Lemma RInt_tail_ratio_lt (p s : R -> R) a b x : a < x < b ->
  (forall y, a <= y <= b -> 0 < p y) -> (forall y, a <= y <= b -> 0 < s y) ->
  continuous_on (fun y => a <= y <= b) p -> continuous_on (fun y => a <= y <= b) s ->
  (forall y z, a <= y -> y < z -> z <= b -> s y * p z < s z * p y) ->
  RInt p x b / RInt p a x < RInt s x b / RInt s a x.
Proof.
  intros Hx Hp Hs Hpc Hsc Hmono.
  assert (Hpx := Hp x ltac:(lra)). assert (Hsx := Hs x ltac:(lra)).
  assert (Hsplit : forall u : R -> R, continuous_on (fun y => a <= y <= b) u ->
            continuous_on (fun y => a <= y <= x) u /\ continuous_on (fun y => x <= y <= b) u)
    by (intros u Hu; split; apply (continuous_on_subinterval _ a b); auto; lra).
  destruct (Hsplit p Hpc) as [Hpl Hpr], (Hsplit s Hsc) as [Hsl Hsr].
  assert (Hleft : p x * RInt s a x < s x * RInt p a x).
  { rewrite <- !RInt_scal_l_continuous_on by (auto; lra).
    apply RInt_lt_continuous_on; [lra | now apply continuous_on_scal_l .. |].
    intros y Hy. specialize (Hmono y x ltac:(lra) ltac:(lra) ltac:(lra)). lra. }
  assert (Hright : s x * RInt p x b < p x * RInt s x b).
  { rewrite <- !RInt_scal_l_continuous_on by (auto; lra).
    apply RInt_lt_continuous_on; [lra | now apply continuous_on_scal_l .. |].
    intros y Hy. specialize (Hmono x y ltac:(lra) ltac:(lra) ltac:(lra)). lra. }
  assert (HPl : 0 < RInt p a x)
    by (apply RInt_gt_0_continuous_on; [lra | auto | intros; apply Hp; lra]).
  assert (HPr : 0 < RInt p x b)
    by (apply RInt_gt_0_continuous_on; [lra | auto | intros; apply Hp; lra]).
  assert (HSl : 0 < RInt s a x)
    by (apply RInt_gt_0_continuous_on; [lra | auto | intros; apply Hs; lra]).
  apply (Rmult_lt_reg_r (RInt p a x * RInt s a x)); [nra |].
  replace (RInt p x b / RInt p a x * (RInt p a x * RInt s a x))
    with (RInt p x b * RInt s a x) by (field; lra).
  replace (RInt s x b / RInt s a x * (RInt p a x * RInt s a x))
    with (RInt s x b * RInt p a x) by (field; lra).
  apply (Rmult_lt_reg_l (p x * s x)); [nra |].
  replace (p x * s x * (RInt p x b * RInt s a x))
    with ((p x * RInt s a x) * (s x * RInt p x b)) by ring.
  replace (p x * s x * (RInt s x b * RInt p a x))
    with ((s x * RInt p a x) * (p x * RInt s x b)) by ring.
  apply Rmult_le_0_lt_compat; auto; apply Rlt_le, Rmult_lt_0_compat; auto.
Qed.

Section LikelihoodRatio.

::::

*Goal of the exercise*
Starting at the line that contains "apply Rmult_le_0_lt_compat; auto;", write out every line through the last one in the data above, exactly as it stands.

*Exercise result*
  apply Rmult_le_0_lt_compat; auto; apply Rlt_le, Rmult_lt_0_compat; auto.
Qed.

Section LikelihoodRatio.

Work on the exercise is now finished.